World Water Day.

Datum objave: 25. March, 2019.

As Friday, 22nd March, was the World Water Day, Saturday 23rd the topic of our ecopatrol was water. We are all aware of the importance of water: it covers about 71% of our planet and the 97,24% of it is salty and is found in seas and oceans. The world’s largest freshwater supplies are the ice caps on poles, while the rest of the freshwater stock is found in lakes, rivers, underground basins, and in the atmosphere. The distribution of fresh water is uneven, and this constitutes a problem especially in countries that lacks proper infrastructures.

We held this ecopatrol on archaeological beach Colentum, on Gradina peninsula, thus having the opportunity to introduce the topic by showing kids the remnants of a roman cistern. Then, the kids learnt how to transform salty water into fresh water through desalination, a process used in more than 120 countries in the world, especially where fresh water is scarce (in Quatar, for example, 99% of fresh water comes from this source), that however can have negative impacts on sea wildlife through the killing of marine orgainsms during the intake of water by the implants and through the discharge of huge amounts of concentrated waste in the sea.
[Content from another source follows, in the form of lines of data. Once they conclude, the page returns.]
(* Let $r\ge 1$ and let $\mathcal{R}$ be a block of $\mathcal{A}_e^r$. Then there exists $M_\ast$ such that for every integer $M\ge M_\ast$, with $\mathbf{M}=(0,M,2M,\dots,(e-1)M)$, every element of $\Psi_r(\mathrm{Str}(\mathcal{R};\mathbf{M}))$ is a Rouquier partition, and $\Psi_r(\mathrm{Str}(\mathcal{R};\mathbf{M}))$ is contained in a single $r$-Rouquier block of $\mathcal{A}_e$.
   Context: Fix an integer $e\ge 2$. A partition is a weakly decreasing sequence $\lambda=(\lambda_1,\lambda_2,\dots)$ of non-negative integers with finite sum $|\lambda|$; $\Lambda$ denotes the set of partitions and $\Lambda^{(m)}$ the set of $m$-multipartitions, i.e. $m$-tuples $\boldsymbol\lambda=(\lambda^{(1)},\dots,\lambda^{(m)})$ of partitions, with $|\boldsymbol\lambda|=\sum_k|\lambda^{(k)}|$. A $\beta$-set is a subset $B\subseteq\mathbb{Z}$ containing all sufficiently small integers and no sufficiently large ones. For $\lambda\in\Lambda$ and $s\in\mathbb{Z}$ set $B_s(\lambda)=\{\lambda_i-i+s : i\ge 1\}$; every $\beta$-set equals $B_s(\lambda)$ for a unique pair $(\lambda,s)$. Let $\mathcal{A}_e=\Lambda\times\mathbb{Z}$ (abacus configurations with $e$ runners) and $\mathcal{A}_e^m=\Lambda^{(m)}\times\mathbb{Z}^m$, where $(\boldsymbol\lambda,\mathbf{s})$ is identified with the $m$-tuple of $\beta$-sets $(B_{s_1}(\lambda^{(1)}),\dots,B_{s_m}(\lambda^{(m)}))$. Blocks: for $(\boldsymbol\lambda,\mathbf{s})\in\mathcal{A}_e^m$, its $e$-residue multiset is the multiset of the values $s_k+y-x \bmod e$ over all nodes $(x,y,k)$ with $x\ge1$, $1\le y\le\lambda^{(k)}_x$, $1\le k\le m$. Define $(\boldsymbol\lambda,\mathbf{s})\approx_e(\boldsymbol\mu,\mathbf{s}')$ iff $\mathbf{s}=\mathbf{s}'$, $|\boldsymbol\lambda|=|\boldsymbol\mu|$ and the $e$-residue multisets coincide. Its equivalence classes are called blocks. The map $\eta$: for $(\lambda,s)\in\mathcal{A}_e$ with $B=B_s(\lambda)$ and $0\le i<e$, the set $C_i=\{(b-i)/e : b\in B,\ b\equiv i \bmod e\}$ is a $\beta$-set, so $C_i=B_{t_i}(\rho_i)$ for a unique $(\rho_i,t_i)\in\Lambda\times\mathbb{Z}$; set $\eta(\lambda,s)=((\rho_0,\dots,\rho_{e-1}),(t_0,\dots,t_{e-1}))$. The $e$-weight of $\lambda$ is $\mathrm{wt}(\lambda)=\sum_i|\rho_i|$. Rouquier: $(\lambda,s)\in\mathcal{A}_e$ with $\eta(\lambda,s)=(\boldsymbol\rho,\mathbf{t})$ is a Rouquier partition if $\mathrm{wt}(\lambda)\le t_{i+1}-t_i+1$ for all $0\le i<e-1$, and an $r$-Rouquier partition if $\mathrm{wt}(\lambda)\le t_{i+1}-t_i+r$ for all $0\le i<e-1$. A block of $\mathcal{A}_e$ is an $r$-Rouquier block if all its elements are $r$-Rouquier partitions. Uglov's map: for $1\le k\le r$ define $\psi_k:\mathbb{Z}\to\mathbb{Z}$ by $\psi_k(ae+i)=((a+1)r-k)e+i$ for $a\in\mathbb{Z}$, $0\le i<e$. For $(\boldsymbol\lambda,\mathbf{s})\in\mathcal{A}_e^r$ the set $B=\bigsqcup_{k=1}^r\psi_k(B_{s_k}(\lambda^{(k)}))$ is a $\beta$-set, and $\Psi_r(\boldsymbol\lambda,\mathbf{s})$ is the unique $(\tilde\lambda,\tilde s)\in\mathcal{A}_e$ with $B_{\tilde s}(\tilde\lambda)=B$. Stretching: for $\mathbf{M}\in\mathbb{Z}^e$ and $(\lambda,s)\in\mathcal{A}_e$ with $\eta(\lambda,s)=(\boldsymbol\rho,(t_0,\dots,t_{e-1}))$, $\mathrm{Str}((\lambda,s);\mathbf{M})$ is the unique element of $\mathcal{A}_e$ whose image under $\eta$ is $(\boldsymbol\rho,(t_0+M_0,\dots,t_{e-1}+M_{e-1}))$. For $(\boldsymbol\lambda,\mathbf{s})\in\mathcal{A}_e^r$, $\mathrm{Str}((\boldsymbol\lambda,\mathbf{s});\mathbf{M})$ is obtained by applying this to each component $(\lambda^{(k)},s_k)$; for a subset $\mathcal{R}$, $\mathrm{Str}(\mathcal{R};\mathbf{M})$ is its image. *)

From mathcomp Require Import all_boot all_order all_algebra.
From Stdlib Require Import ClassicalEpsilon.
(* Three explicit blocks through each point: x-4, x+1, x+3 in the middle,
   fixed ones near both ends. *)
Lemma chain_degrees : degrees_ge3 v (chain_block v).
Proof.
apply/all_iotaP => x x_lt.
have on3 a b c : [&& a < b, b < c & c < v] -> x \in chain_block v a ->
    x \in chain_block v b -> x \in chain_block v c ->
    3 <= count (fun i => x \in chain_block v i) (iota 0 v).
  move=> abc xa xb xc; apply: (@count_iota_ge _ v [:: a; b; c]) => /=.
  - by rewrite !inE; lia.
  - by lia.
  - by rewrite xa xb xc.
case: (ltnP x 9) => [x_lt9 | x_ge9].
  case: x x_lt x_lt9 on3 => [|[|[|[|[|[|[|[|[|x]]]]]]]]] // x_lt x_lt9 on3;
   [apply: (on3 0 1 2) | apply: (on3 0 3 4) | apply: (on3 1 3 5) | apply: (on3 1 4 6)
   | apply: (on3 4 5 7) | apply: (on3 2 6 8) | apply: (on3 2 7 9) | apply: (on3 0 8 10)
   | apply: (on3 3 9 11)]; chain_lia.
case: (leqP x (v - 8)) => [x_mid | x_right].
  by apply: (on3 (x - 4) (x + 1) (x + 3)); chain_lia.
have [k k_lt x_eq] : exists2 k, k < 7 & x = v - 7 + k by exists (x - (v - 7)); lia.
case: k k_lt x_eq => [|[|[|[|[|[|[|k]]]]]]] // _ x_eq;
  [apply: (on3 (v - 11) (v - 6) (v - 3)) | apply: (on3 (v - 10) (v - 5) (v - 1))
  | apply: (on3 (v - 9) (v - 2) (v - 1)) | apply: (on3 (v - 8) (v - 3) (v - 2))
  | apply: (on3 (v - 7) (v - 4) (v - 1)) | apply: (on3 (v - 6) (v - 4) (v - 2))
  | apply: (on3 (v - 5) (v - 4) (v - 3))]; chain_lia.
Qed.

(* 0, 1, 2, 3 pairwise share one of the blocks 0, 1, 3, 4. *)
Lemma chain_clique : is_clique v (chain_block v) [:: 0; 1; 2; 3].
Proof.
have line a x y : a < v -> x \in chain_block v a -> y \in chain_block v a ->
    on_line v (chain_block v) x y.
  by move=> a_lt xa ya; apply/has_iotaP; exists a; rewrite ?xa.
rewrite /is_clique /= (line 0 0 1) ?(line 1 0 2) ?(line 1 0 3) ?(line 3 1 2)
  ?(line 4 1 3) ?(line 1 2 3); chain_lia.
Qed.

Lemma chain_system : four_chromatic_system v (chain_block v) (modn^~ 4) [:: 0; 1; 2; 3].
Proof.
by rewrite /four_chromatic_system chain_triples chain_degrees chain_lines chain_spanning
  chain_rainbow chain_clique.
Qed.

End ChainConfiguration.

(* Systems for 8 <= v < 20: explicit tables for v <= 11, and the chain
   system, which still works but needs computation, for 12 <= v < 20. *)
Definition small_blocks (v : nat) : nat -> seq nat :=
  match v with
  | 8 => nth [::] [:: [:: 0; 4; 7]; [:: 3; 6; 7]; [:: 0; 1; 3]; [:: 1; 2; 7];
                      [:: 1; 4; 5]; [:: 2; 3; 5]; [:: 2; 4; 6]; [:: 0; 5; 6]]
  | 9 => nth [::] [:: [:: 0; 4; 7]; [:: 3; 4; 5]; [:: 0; 3; 8]; [:: 0; 1; 6]; [:: 2; 3; 6];
                      [:: 2; 5; 8]; [:: 1; 7; 8]; [:: 1; 2; 4]; [:: 5; 6; 7]]
  | 10 => nth [::] [:: [:: 1; 4; 5]; [:: 0; 2; 6]; [:: 5; 7; 8]; [:: 0; 4; 7]; [:: 2; 4; 9];
                       [:: 0; 1; 8]; [:: 3; 8; 9]; [:: 6; 7; 9]; [:: 2; 3; 5]; [:: 1; 3; 6]]
  | 11 => nth [::] [:: [:: 3; 6; 9]; [:: 3; 8; 10]; [:: 0; 8; 9]; [:: 1; 5; 6]; [:: 1; 4; 10];
                       [:: 0; 2; 3]; [:: 2; 5; 8]; [:: 0; 1; 7]; [:: 4; 5; 7]; [:: 7; 9; 10];
                       [:: 2; 4; 6]]
  | _ => chain_block v
  end.

Definition small_colour (v : nat) : nat -> nat :=
  match v with
  | 8 => nth 0 [:: 0; 1; 0; 2; 2; 3; 1; 3]
  | 9 => nth 0 [:: 0; 1; 0; 2; 3; 1; 3; 2; 3]
  | 10 => nth 0 [:: 0; 1; 1; 0; 2; 3; 2; 1; 2; 3]
  | 11 => nth 0 [:: 0; 1; 1; 2; 2; 0; 3; 3; 3; 1; 0]
  | _ => modn^~ 4
  end.

Definition small_clique (v : nat) : seq nat :=
  match v with
  | 8 => [:: 0; 1; 3; 5]
  | 9 => [:: 0; 1; 4; 7]
  | 10 => [:: 1; 3; 5; 8]
  | 11 => [:: 0; 2; 3; 8]
  | _ => [:: 0; 1; 2; 3]
  end.

Lemma small_systems :
  all (fun v => four_chromatic_system v (small_blocks v) (small_colour v) (small_clique v))
    (iota 8 12).
Proof. by vm_compute. Qed.

Theorem mainTheorem14 (v : nat) : 8 <= v ->
  exists Bs : {set {set 'I_v}},
    [/\ sym_config_v3 Bs, config_connected Bs & strong_chromatic_number Bs = 4].
Proof.
move=> v_ge8; have system : exists T col K, four_chromatic_system v T col K.
  have [v_lt20 | v_ge20] := ltnP v 20.
    exists (small_blocks v), (small_colour v), (small_clique v).
    by apply: (allP small_systems); rewrite mem_iota v_ge8.
  by exists (chain_block v), (modn^~ 4), [:: 0; 1; 2; 3]; apply: chain_system.
case: system => T [col [K /four_chromatic_configuration config]].
by exists (blocks v T).
Qed.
With a story about water and the game “Water race”, kids were reminded of the importance of preserving and mantaining the water clean. Then, we divided the kids in two teams and held a quiz about the amount of water needed to produce certain foods. The kids always opted for a significantly smaller amount than the one really needed, and were surprised to discover how much water goes into the production of even the simpler foods!
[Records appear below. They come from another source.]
Lemma apply_ch_pure (I J : finType) (ks : seq (Op C I J)) (z : C) (v : I -> C) x y :
  apply_ch ks (fun a b => z * (v a * (v b)^*)) x y =
  z * \sum_(K <- ks) (\sum_a K x a * v a) * (\sum_b K y b * v b)^*.
Proof.
have := apply_ch_mixed ks z (fun (_ : 'I_1) => v) x y.
under [in RHS]eq_bigr => K _ do rewrite big_ord1.
by move=> <-; apply: apply_ch_ext => a b; rewrite big_ord1.
Qed.

Lemma channel_kraus_neq0 (I J : finType) (ks : seq (Op C I J)) a :
  is_channel ks -> exists i x, tnth (in_tuple ks) i x a != 0.
Proof.
move=> chK; have /existsP[i /existsP[x nz]] :
  [exists i, [exists x, tnth (in_tuple ks) i x a != 0]]; last by exists i, x.
apply: contraT => /existsPn ks0; move: (chK a a).
rewrite /idop eqxx big_tnth big1 => [/eqP|i _]; first by rewrite eq_sym oner_eq0.
have /existsPn K0 := ks0 i.
by rewrite /mulop big1 // => x _; rewrite (eqP (negbNE (K0 x))) mulr0.
Qed.

Lemma sesquilinear_scalar (I : finType) (T : I -> I -> C) (t : C) :
  (forall v : I -> C, \sum_i v i * (v i)^* != 0 ->
     \sum_a \sum_b v a * (v b)^* * T a b = (\sum_i v i * (v i)^*) * t) ->
  forall a b, T a b = (a == b)%:R * t.
Proof.
move=> formT.
pose e (a : I) (c : C) (b x : I) : C := (x == a)%:R + c * (x == b)%:R.
have form_e a c b : \sum_x \sum_y e a c b x * (e a c b y)^* * T x y =
    T a a + c^* * T a b + c * T b a + c * c^* * T b b.
  under eq_bigr => x _ do under eq_bigr => y _ do rewrite -mulrA.
  under eq_bigr => x _ do rewrite -big_distrr /=.
  rewrite sum_delta2l.
  under eq_bigr => y _ do rewrite rmorphD rmorphM /= !rmorph_nat.
  rewrite sum_delta2l.
  under eq_bigr => y _ do rewrite rmorphD rmorphM /= !rmorph_nat.
  by rewrite sum_delta2l; ring.
have norm_e a c b : \sum_x e a c b x * (e a c b x)^* = (e a c b a)^* + c * (e a c b b)^*.
  exact: sum_delta2l.
have nz (c : C) : 1 + c * c^* != 0 by rewrite lt0r_neq0 // ltr_wpDr ?mul_conjC_ge0.
have diag a : T a a = t.
  have := formT (e a 0 a); rewrite norm_e form_e /e eqxx conjC0 !(mul0r, addr0) conjC1.
  by rewrite mul1r => ->; rewrite ?oner_eq0.
move=> a b; have [<-|neq] := eqVneq a b; first by rewrite diag mul1r.
have off (c : C) : c^* * T a b + c * T b a = 0.
  have nba : (b == a) = false by rewrite eq_sym (negbTE neq).
  have := formT (e a c b); rewrite norm_e form_e /e !eqxx (negbTE neq) nba.
  rewrite !diag !(mulr0, mulr1, addr0, add0r) conjC1 => /(_ (nz c)) eqt.
  have -> : c^* * T a b + c * T b a =
    (t + c^* * T a b + c * T b a + c * c^* * t) - (1 + c * c^*) * t by ring.
  by rewrite eqt subrr.
have := off 'i; rewrite conjCi => offi.
have := off 1; rewrite conjC1 !mul1r => off1.
have : 2%:R * 'i * T a b = 0.
  have -> : 2%:R * 'i * T a b = 'i * (T a b + T b a) - (- 'i * T a b + 'i * T b a) by ring.
  by rewrite off1 offi mulr0 subr0.
by move/eqP; rewrite !mulf_eq0 pnatr_eq0 (negbTE (neq0Ci C)) /= => /eqP ->; rewrite mul0r.
Qed.

Lemma kraus_scalar_of_identity (I T : finType) (a0 : I) (G : T -> I -> I -> C) :
  (forall (v : I -> C) c c',
     \sum_t (\sum_a G t c a * v a) * (\sum_b G t c' b * v b)^* = v c * (v c')^*) ->
  forall t c a, G t c a = (c == a)%:R * G t a0 a0.
Proof.
move=> fixG.
have off t c a : c != a -> G t c a = 0.
  move=> neq; have := fixG (fun b => (b == a)%:R) c c.
  under eq_bigr => t' _ do rewrite !sum_deltar.
  by rewrite (negbTE neq) mul0r => /sum_normsq_eq0; apply.
have diag t a b : G t a a = G t b b.
  have [->//|neq] := eqVneq a b.
  pose v x : C := (x == a)%:R + 1 * (x == b)%:R.
  have Gv t' c : \sum_x G t' c x * v x = G t' c a + G t' c b.
    by rewrite -[G t' c b]mul1r -sum_delta2l; apply: eq_bigr => x _; rewrite mulrC.
  have Gab t' : G t' a a - G t' b b = \sum_x G t' a x * v x - \sum_x G t' b x * v x.
    by rewrite !Gv (off t' a b neq) (off t' b a) 1?eq_sym // addr0 add0r.
  apply/eqP; rewrite -subr_eq0; apply/eqP; move: t; apply: sum_normsq_eq0.
  under eq_bigr => t' _ do rewrite Gab rmorphB /= mulrBl !mulrBr.
  rewrite !sumrB !fixG /v !eqxx (negbTE neq) eq_sym (negbTE neq) /=.
  by rewrite !(mulr0, addr0, add0r) conjC1; ring.
move=> t c a; have [->|neq] := eqVneq c a; first by rewrite mul1r (diag t a a0).
by rewrite (off t c a neq) mul0r.
Qed.

Lemma channel_isometry (U V : finType) (ks : seq (Op C U V)) (f f' : U -> C) :
  is_channel ks ->
  \sum_(K <- ks) \sum_c (\sum_u K c u * f u) * (\sum_u K c u * f' u)^* =
  \sum_u f u * (f' u)^*.
Proof.
move=> chK.
have delta u u' : (u' == u)%:R = \sum_(K <- ks) \sum_c (K c u')^* * K c u :> C.
  by have := chK u' u; rewrite /idop /mulop /adjop => <-.
transitivity (\sum_(K <- ks) \sum_u \sum_u' \sum_c K c u * f u * (K c u' * f' u')^*).
  apply: eq_bigr => K _; under eq_bigr => c _ do rewrite rmorph_sum big_distrlr.
  by rewrite exchange_big; apply: eq_bigr => u _; rewrite exchange_big.
under [RHS]eq_bigr => u _ do rewrite -[f u * _](sum_deltar u (fun u' => f u * (f' u')^*)).
under [RHS]eq_bigr => u _ do under eq_bigr => u' _ do rewrite delta big_distrr /=.
rewrite exchange_big; apply: eq_bigr => u _; rewrite exchange_big.
apply: eq_bigr => u' _; apply: eq_bigr => K _.
rewrite big_distrr; apply: eq_bigr => c _ /=.
by rewrite rmorphM /=; ring.
Qed.

End Quantum.

Section Scheme.
Variables (q n : nat) (s : 'I_n -> nat) (d0 : 'I_q) (C : numClosedFieldType) (m : nat).
Local Notation Pos := (Pos s).
Local Notation X := (ShareCfg q s).
Local Notation Sc := (SecCfg q m).
Local Notation CfgOn := (@CfgOn q n s).
Local Notation restr := (@restr q n s).
Variable E : seq (Op C Sc X).
Local Notation K := (tnth (in_tuple E)).

Lemma ptrace_encode_pure (P : {set Pos}) (W : finType) (g : splitting q P W)
    (z : C) (v : Sc -> C) u u' :
  ptrace (S := P) (apply_ch E (fun a b => z * (v a * (v b)^*))) u u' =
  z * \sum_(t : 'I_(size E) * W)
        (\sum_a K t.1 (g u t.2) a * v a) * (\sum_b K t.1 (g u' t.2) b * v b)^*.
Proof.
rewrite (ptrace_splitting g).
under eq_bigr => w _ do rewrite apply_ch_pure big_tnth.
by rewrite -big_distrr /= sum_pair exchange_big.
Qed.

Lemma recoverable_knill_laflamme (S : {set Pos}) : recoverable_from E S ->
  exists lam : 'I_(size E) * CfgOn (~: S) -> 'I_(size E) * CfgOn (~: S) -> C,
  forall i j w w' a b,
    \sum_u K i (compl_join d0 u w) a * (K j (compl_join d0 u w') b)^* =
    (a == b)%:R * lam (i, w) (j, w').
Proof.
move=> [Rc [chR recR]].
pose R := tnth (in_tuple Rc).
pose G (t : 'I_(size Rc) * ('I_(size E) * CfgOn (~: S))) (c a : Sc) :=
  \sum_u R t.1 c u * K t.2.1 (compl_join d0 u t.2.2) a.
have fixG v c c' :
    \sum_t (\sum_a G t c a * v a) * (\sum_b G t c' b * v b)^* = v c * (v c')^*.
  pose be (t : 'I_(size E) * CfgOn (~: S)) u :=
    \sum_a K t.1 (compl_join d0 u t.2) a * v a.
  have Gv t c1 : \sum_a G t c1 a * v a = \sum_u R t.1 c1 u * be t.2 u.
    under eq_bigr => a _ do rewrite big_distrl /=.
    rewrite exchange_big; apply: eq_bigr => u _; rewrite big_distrr.
    by apply: eq_bigr => a _; rewrite /= mulrA.
  have [v0|N0] := eqVneq (\sum_i v i * (v i)^*) 0.
    have v0' := sum_normsq_eq0 v0; rewrite v0' mul0r; apply: big1 => t _.
    by rewrite big1 ?mul0r // => a _; rewrite v0' mulr0.
  have := recR _ (is_density_pure N0) c c'.
  set N := \sum_i v i * (v i)^*; rewrite /pure_density.
  rewrite (@apply_ch_ext _ _ _ _ _ (fun u u' => N^-1 * \sum_t be t u * (be t u')^*));
    last by move=> u u'; rewrite (ptrace_encode_pure (compl_splitting d0 S)).
  rewrite apply_ch_mixed big_tnth => /(mulfI (invr_neq0 N0)) <-.
  by rewrite sum_pair; apply: eq_bigr => k _; apply: eq_bigr => t _; rewrite !Gv.
pose a0 : Sc := [ffun=> d0].
have Gscalar := kraus_scalar_of_identity a0 fixG.
exists (fun p p' => \sum_k G (k, p) a0 a0 * (G (k, p') a0 a0)^*).
move=> i j w w' a b; rewrite -(channel_isometry _ _ chR) big_tnth big_distrr.
apply: eq_bigr => k _.
transitivity (\sum_c G (k, (i, w)) c a * (G (k, (j, w')) c b)^*); first by [].
under eq_bigr => c _ do rewrite (Gscalar _ c a) (Gscalar _ c b) rmorphM rmorph_nat mulrACA.
by rewrite -big_distrl /= sum_deltal eq_sym.
Qed.

Lemma knill_laflamme_off (S R : {set Pos}) : [disjoint R & S] -> recoverable_from E S ->
  exists lam : 'I_(size E) * CfgOn R -> 'I_(size E) * CfgOn R -> C,
  forall i j r r' a b,
    \sum_(x | restr R x == r) K i x a * (K j (glue R (extend d0 r') x) b)^* =
    (a == b)%:R * lam (i, r) (j, r').
Proof.
move=> RS /recoverable_knill_laflamme [lamS lamSP].
pose w2 (r' : CfgOn R) (w : CfgOn (~: S)) := restr (~: S) (glue R (extend d0 r') (extend d0 w)).
exists (fun p p' => \sum_(w | restr R (extend d0 w) == p.2) lamS (p.1, w) (p'.1, w2 p'.2 w)).
move=> i j r r' a b /=.
rewrite big_mkcond (sum_splitting (compl_splitting d0 S)) exchange_big /=.
rewrite big_distrr [RHS]big_mkcond; apply: eq_bigr => w _ /=.
under eq_bigr => u _ do rewrite restr_compl_join_disjoint // glue_compl_join //.
by case: eqP => _; [apply: lamSP | rewrite big1].
Qed.

Section Decoupling.
Variables (Z : {set 'I_n}) (S : {set Pos}).
Let P1 := posOf s Z.
Let P2 := S :\: P1.
Let P3 := ~: (P1 :|: P2).

Let P12 : [disjoint P1 & P2].
Proof. by rewrite disjoint_sym disjoints_subset /P2 setDE subsetIr. Qed.

Let P3S : [disjoint P3 & S].
Proof.
rewrite disjoints_subset /P3 setCS; apply/subsetP => p Sp.
by rewrite in_setU in_setD Sp andbT orbN.
Qed.

(* The amplitude of the Kraus operator [e.2] from the secret basis state [a]
   to the share configuration equal to [u] on the shares of [Z], to [y] on
   the rest of [S], and to [e.1] elsewhere. *)
Definition psi (a : Sc) (u : CfgOn P1) (y : CfgOn P2) (e : CfgOn P3 * 'I_(size E)) :=
  K e.2 (three_join d0 u (y, e.1)) a.

Definition share_gram (a b : Sc) (u v : CfgOn P1) :=
  \sum_y \sum_e psi a u y e * (psi b v y e)^*.

Lemma ptrace_encode_pure_gram (z : C) (v : Sc -> C) u u' :
  ptrace (S := P1) (apply_ch E (fun a b => z * (v a * (v b)^*))) u u' =
  z * \sum_a \sum_b v a * (v b)^* * share_gram a b u u'.
Proof.
rewrite (ptrace_encode_pure (three_splitting d0 P12)); congr (_ * _).
under eq_bigr => t _ do rewrite mul_sum_conj.
rewrite exchange_big; apply: eq_bigr => a _; rewrite exchange_big; apply: eq_bigr => b _.
rewrite /share_gram big_distrr sum_pair exchange_big sum_pair; apply: eq_bigr => y _.
rewrite big_distrr sum_pair; apply: eq_bigr => u3 _; apply: eq_bigr => i _.
by rewrite /psi.
Qed.

Let b0 : Sc := [ffun=> d0].

Lemma unauthorized_share_gram : unauthorized E Z ->
  forall a b u v, share_gram a b u v = (a == b)%:R * share_gram b0 b0 u v.
Proof.
move=> unZ a b u v; move: a b; apply: sesquilinear_scalar => w Nw_neq0.
pose e x : C := (x == b0)%:R.
have Ne : \sum_x e x * (e x)^* = 1 by rewrite sum_deltal /e eqxx conjC1.
have Ne_neq0 : \sum_x e x * (e x)^* != 0 by rewrite Ne oner_eq0.
have form_e : \sum_a \sum_b e a * (e b)^* * share_gram a b u v = share_gram b0 b0 u v.
  under eq_bigr => a _ do under eq_bigr => b _ do rewrite -mulrA.
  under eq_bigr => a _ do rewrite -big_distrr /=.
  rewrite sum_deltal; under eq_bigr => b _ do rewrite /e rmorph_nat.
  exact: sum_deltal.
have := unZ _ _ (is_density_pure Nw_neq0) (is_density_pure Ne_neq0) u v.
rewrite /pure_density !ptrace_encode_pure_gram Ne invr1 mul1r form_e => <-.
by rewrite mulrA mulfV ?mul1r.
Qed.

Lemma recoverable_env_gram : recoverable_from E S ->
  exists l, forall a b e f,
    \sum_u \sum_y psi a u y e * (psi b u y f)^* = (a == b)%:R * l e f.
Proof.
move=> /(knill_laflamme_off P3S) [lam lamP].
exists (fun e f => lam (e.2, e.1) (f.2, f.1)) => a b [u3 i] [u3' j] /=.
rewrite -lamP (sum_restr3_eq d0 P12); apply: eq_bigr => u _; apply: eq_bigr => y _.
by rewrite /psi /= glue_three_join.
Qed.

Lemma secret_le_share_setD : (1 < q)%N -> is_channel E -> unauthorized E Z ->
  recoverable_from E S -> (m <= #|S :\: posOf s Z|)%N.
Proof.
move=> q_gt1 chE unZ recS.
have [l psiE] := recoverable_env_gram recS.
have psi_neq0 : exists a u y e, psi a u y e != 0.
  have [i [x nz]] := channel_kraus_neq0 b0 chE.
  exists b0, (restr P1 x), (restr P2 x), (restr P3 x, i).
  by rewrite /psi /= three_join_restr.
have := card_le_decoupled_marginals (unauthorized_share_gram unZ) psiE psi_neq0.
by rewrite !card_ffun !card_ord card_sig leq_exp2l.
Qed.

End Decoupling.

End Scheme.

Theorem corollary3 (R : realType) (q m n t d z : nat) (s : 'I_n -> nat)
    (E : seq (Op R[i] (SecCfg q m) (ShareCfg q s)))
    (H : {set 'I_n} -> {set Pos s}) :
  (2 <= q)%N -> (z < t)%N -> (t <= d)%N -> (d <= n)%N ->
  is_QSS t z E ->
  (forall A : {set 'I_n}, #|A| = d ->
     H A \subset posOf s A /\ recoverable_from E (H A)) ->
  ((d * m)%:R / (d - z)%:R : rat)
    <= ((\max_(A : {set 'I_n} | #|A| == d) #|H A|)%N)%:R.
Proof.
move=> q_gt1 lt_zt le_td le_dn [chE _ unE] recH.
have d0 : 'I_q := Ordinal (ltnW q_gt1).
pose A0 : {set 'I_n} := [set widen_ord le_dn i | i : 'I_d].
have cardA0 : #|A0| = d.
  by rewrite card_imset ?card_ord // => i j /(congr1 val) ij; apply: val_inj.
have [sHA recHA] := recH A0 cardA0.
have lt_zA0 : (z < #|A0|)%N by rewrite cardA0; apply: leq_trans le_td.
have := leq_average_setD_preimset sHA lt_zA0 (fun Z _ cardZ =>
  secret_le_share_setD d0 q_gt1 chE (unE Z (eq_leq cardZ)) recHA).
rewrite cardA0 => avg.
have le_max : (#|H A0| <= \max_(A : {set 'I_n} | #|A| == d) #|H A|)%N.
  by apply: (leq_bigmax_cond (P := fun A : {set 'I_n} => #|A| == d)); rewrite cardA0.
rewrite ler_pdivrMr ?ltr0n ?subn_gt0 ?(leq_trans lt_zt) // -natrM ler_nat.
by apply: leq_trans avg _; rewrite mulnC leq_mul2r le_max orbT.
Qed.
In another experiment, we simulated the process with which salt is obtained in large shallow pools in saltworks, such as the ones in Pag. Salt has always been a precious resource, and in some stages of history it was even used as money. Today we know that salt comes from different minerals that for million years have been carried from rocky areas into the sea by the rivers, but in the past this process was unknown, so different cultures created various myths about how oceans became salty. After listening to a myth coming from China, at the end of the workshop kids invented their own legend: one of the most interesting is the one about a giant, living in the clouds, that accidentaly dropped an enormous barrel of salt into the sea.